START DATA TO EXAMINE
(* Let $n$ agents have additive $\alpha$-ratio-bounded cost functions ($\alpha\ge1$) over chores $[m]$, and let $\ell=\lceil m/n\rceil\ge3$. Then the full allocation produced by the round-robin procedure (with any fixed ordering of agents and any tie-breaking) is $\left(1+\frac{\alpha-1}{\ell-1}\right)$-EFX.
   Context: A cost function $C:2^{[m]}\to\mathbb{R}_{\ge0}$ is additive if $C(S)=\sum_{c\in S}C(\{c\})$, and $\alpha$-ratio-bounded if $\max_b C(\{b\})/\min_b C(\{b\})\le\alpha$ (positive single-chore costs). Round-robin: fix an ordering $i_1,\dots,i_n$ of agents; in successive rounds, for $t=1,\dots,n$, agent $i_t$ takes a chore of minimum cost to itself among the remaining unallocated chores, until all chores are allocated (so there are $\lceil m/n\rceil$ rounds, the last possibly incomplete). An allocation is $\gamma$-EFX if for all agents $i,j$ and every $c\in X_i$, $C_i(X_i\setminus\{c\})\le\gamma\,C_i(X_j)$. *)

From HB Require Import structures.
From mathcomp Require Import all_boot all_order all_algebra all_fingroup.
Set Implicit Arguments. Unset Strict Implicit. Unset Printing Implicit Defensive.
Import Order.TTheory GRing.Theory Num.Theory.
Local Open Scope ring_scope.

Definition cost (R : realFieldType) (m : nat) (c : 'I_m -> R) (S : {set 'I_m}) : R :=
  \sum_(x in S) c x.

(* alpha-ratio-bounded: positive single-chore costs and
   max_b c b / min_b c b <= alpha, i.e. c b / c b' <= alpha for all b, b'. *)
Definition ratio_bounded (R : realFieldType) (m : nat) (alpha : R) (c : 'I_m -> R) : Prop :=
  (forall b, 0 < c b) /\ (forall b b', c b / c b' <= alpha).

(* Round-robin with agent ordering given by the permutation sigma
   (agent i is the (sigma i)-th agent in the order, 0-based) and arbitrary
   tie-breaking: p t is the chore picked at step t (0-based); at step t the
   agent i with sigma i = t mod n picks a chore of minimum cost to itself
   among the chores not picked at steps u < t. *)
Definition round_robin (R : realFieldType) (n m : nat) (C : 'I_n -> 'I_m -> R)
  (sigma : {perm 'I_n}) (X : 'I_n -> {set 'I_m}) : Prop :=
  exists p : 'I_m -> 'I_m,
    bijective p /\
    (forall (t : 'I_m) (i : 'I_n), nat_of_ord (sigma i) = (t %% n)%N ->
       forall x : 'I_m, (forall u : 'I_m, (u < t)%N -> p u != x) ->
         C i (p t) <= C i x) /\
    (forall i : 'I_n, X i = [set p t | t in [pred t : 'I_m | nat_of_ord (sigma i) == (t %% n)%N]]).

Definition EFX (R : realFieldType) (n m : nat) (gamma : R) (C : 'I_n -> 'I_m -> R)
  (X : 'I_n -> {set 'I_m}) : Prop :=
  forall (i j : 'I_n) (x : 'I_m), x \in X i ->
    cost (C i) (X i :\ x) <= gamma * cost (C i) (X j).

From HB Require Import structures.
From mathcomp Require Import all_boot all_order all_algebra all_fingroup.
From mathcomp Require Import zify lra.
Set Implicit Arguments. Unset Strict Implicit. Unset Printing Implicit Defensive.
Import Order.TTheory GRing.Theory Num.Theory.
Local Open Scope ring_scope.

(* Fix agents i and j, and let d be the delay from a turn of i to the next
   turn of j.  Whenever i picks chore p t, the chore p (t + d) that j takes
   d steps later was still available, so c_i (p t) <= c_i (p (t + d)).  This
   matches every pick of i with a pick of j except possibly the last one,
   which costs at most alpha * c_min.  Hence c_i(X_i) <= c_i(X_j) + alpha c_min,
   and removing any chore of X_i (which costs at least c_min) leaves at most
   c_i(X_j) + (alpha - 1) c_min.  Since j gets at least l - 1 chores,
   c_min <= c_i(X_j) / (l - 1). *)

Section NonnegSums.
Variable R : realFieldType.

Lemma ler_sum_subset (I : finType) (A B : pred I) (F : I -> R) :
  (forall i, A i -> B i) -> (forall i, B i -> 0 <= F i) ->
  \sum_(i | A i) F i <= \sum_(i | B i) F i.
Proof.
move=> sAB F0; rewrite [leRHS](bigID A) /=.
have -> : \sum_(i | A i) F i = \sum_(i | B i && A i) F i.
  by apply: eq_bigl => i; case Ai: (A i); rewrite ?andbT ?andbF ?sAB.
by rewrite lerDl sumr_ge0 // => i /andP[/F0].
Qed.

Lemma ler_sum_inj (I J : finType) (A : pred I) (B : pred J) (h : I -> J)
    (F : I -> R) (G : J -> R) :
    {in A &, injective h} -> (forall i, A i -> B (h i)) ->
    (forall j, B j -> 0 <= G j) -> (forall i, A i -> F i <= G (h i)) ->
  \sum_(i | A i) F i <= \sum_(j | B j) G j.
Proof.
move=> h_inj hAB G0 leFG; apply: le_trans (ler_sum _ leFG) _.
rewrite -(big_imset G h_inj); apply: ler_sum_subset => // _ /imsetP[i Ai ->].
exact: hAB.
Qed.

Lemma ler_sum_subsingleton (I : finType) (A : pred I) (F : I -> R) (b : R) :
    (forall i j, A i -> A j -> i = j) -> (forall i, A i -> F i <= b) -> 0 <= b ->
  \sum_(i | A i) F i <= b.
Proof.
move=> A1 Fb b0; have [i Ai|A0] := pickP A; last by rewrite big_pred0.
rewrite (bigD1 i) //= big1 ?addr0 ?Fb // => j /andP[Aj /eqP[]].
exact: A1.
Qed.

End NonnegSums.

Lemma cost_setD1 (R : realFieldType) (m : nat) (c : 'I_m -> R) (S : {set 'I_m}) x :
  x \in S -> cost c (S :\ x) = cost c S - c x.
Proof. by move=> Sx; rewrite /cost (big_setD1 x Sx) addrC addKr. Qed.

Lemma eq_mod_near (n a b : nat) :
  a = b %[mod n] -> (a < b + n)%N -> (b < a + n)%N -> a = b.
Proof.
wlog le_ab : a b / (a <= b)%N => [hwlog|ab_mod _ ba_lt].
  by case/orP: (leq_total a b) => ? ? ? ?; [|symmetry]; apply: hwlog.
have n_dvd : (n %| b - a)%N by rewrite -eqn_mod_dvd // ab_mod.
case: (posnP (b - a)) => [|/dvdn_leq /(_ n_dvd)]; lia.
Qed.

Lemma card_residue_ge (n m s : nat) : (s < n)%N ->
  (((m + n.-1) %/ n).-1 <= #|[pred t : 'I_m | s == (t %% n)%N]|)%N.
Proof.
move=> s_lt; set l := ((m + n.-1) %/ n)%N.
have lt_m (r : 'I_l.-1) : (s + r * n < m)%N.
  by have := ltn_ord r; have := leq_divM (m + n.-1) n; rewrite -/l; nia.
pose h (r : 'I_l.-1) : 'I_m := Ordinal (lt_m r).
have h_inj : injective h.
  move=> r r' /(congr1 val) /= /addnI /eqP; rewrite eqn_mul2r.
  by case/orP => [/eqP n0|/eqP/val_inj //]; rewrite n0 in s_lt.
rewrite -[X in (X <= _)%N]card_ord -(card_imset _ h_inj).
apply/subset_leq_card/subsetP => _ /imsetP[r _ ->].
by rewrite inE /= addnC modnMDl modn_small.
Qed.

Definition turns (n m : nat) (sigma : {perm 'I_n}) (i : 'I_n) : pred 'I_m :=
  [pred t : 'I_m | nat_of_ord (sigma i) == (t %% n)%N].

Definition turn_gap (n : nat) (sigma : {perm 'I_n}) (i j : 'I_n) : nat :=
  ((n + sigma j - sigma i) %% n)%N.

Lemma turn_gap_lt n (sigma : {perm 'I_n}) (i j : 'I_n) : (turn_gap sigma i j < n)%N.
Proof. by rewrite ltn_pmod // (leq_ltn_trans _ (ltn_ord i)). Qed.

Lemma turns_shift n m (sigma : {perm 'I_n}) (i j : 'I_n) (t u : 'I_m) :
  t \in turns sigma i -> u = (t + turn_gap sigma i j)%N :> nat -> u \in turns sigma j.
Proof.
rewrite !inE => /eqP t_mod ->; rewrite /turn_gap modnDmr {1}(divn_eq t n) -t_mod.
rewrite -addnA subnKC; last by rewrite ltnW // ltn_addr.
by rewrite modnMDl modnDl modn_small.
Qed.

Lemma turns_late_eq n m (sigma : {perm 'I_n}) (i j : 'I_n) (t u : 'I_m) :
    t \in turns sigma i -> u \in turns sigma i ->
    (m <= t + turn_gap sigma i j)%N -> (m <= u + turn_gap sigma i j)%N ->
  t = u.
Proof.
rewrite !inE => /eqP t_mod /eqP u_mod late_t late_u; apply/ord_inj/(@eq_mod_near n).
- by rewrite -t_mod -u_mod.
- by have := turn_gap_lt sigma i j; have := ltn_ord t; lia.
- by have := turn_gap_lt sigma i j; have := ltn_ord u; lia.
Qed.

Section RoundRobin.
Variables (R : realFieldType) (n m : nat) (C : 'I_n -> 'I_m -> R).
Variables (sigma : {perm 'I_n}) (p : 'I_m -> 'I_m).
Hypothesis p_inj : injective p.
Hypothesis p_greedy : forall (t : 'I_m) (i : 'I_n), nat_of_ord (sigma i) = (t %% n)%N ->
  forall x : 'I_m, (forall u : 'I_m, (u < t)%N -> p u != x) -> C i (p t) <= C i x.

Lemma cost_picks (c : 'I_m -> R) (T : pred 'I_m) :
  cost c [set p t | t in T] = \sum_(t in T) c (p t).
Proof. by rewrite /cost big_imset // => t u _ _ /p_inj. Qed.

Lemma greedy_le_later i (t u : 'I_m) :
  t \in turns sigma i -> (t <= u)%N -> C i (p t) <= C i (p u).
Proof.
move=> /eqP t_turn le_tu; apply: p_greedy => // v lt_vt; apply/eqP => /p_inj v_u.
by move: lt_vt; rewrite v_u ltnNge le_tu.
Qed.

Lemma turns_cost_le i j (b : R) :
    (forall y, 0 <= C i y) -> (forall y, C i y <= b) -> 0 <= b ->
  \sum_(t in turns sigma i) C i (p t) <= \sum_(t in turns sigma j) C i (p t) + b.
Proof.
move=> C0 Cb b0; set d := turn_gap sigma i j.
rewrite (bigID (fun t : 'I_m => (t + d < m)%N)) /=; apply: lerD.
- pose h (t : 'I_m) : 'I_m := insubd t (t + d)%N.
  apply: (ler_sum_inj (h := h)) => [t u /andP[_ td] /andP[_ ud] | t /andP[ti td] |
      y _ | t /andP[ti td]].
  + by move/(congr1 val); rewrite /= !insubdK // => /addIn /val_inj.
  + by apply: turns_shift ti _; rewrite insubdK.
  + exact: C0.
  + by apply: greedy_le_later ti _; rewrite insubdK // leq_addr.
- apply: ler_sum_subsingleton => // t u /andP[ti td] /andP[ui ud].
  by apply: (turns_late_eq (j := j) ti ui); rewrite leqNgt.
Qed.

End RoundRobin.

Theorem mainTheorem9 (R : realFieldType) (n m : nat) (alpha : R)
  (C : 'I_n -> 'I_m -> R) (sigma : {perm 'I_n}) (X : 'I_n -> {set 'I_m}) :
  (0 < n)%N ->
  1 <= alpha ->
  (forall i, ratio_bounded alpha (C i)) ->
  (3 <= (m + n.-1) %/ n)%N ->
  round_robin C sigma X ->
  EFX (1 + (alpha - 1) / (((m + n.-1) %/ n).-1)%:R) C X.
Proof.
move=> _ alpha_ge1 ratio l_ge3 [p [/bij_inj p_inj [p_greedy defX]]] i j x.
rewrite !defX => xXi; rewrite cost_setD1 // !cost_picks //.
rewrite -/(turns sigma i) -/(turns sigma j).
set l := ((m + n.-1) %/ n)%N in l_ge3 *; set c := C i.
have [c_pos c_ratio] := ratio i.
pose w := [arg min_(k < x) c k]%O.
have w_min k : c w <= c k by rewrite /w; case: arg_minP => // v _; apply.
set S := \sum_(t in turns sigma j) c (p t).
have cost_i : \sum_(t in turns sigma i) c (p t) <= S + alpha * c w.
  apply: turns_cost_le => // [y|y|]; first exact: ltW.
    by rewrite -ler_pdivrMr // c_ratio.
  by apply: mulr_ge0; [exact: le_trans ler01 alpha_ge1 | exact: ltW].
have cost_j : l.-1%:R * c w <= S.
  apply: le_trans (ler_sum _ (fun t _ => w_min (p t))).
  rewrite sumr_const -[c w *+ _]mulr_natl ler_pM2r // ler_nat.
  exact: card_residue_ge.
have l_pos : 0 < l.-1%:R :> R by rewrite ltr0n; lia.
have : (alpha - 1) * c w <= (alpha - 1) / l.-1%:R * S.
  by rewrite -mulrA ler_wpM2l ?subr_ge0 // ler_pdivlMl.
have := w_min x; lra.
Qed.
END DATA TO EXAMINE
→ YOUR OBJECTIVE
Show, from the records above, every line that includes "pose".

→ RESULT FOR THIS EXERCISE
pose h (r : 'I_l.-1) : 'I_m := Ordinal (lt_m r).
- pose h (t : 'I_m) : 'I_m := insubd t (t + d)%N.
pose w := [arg min_(k < x) c k]%O.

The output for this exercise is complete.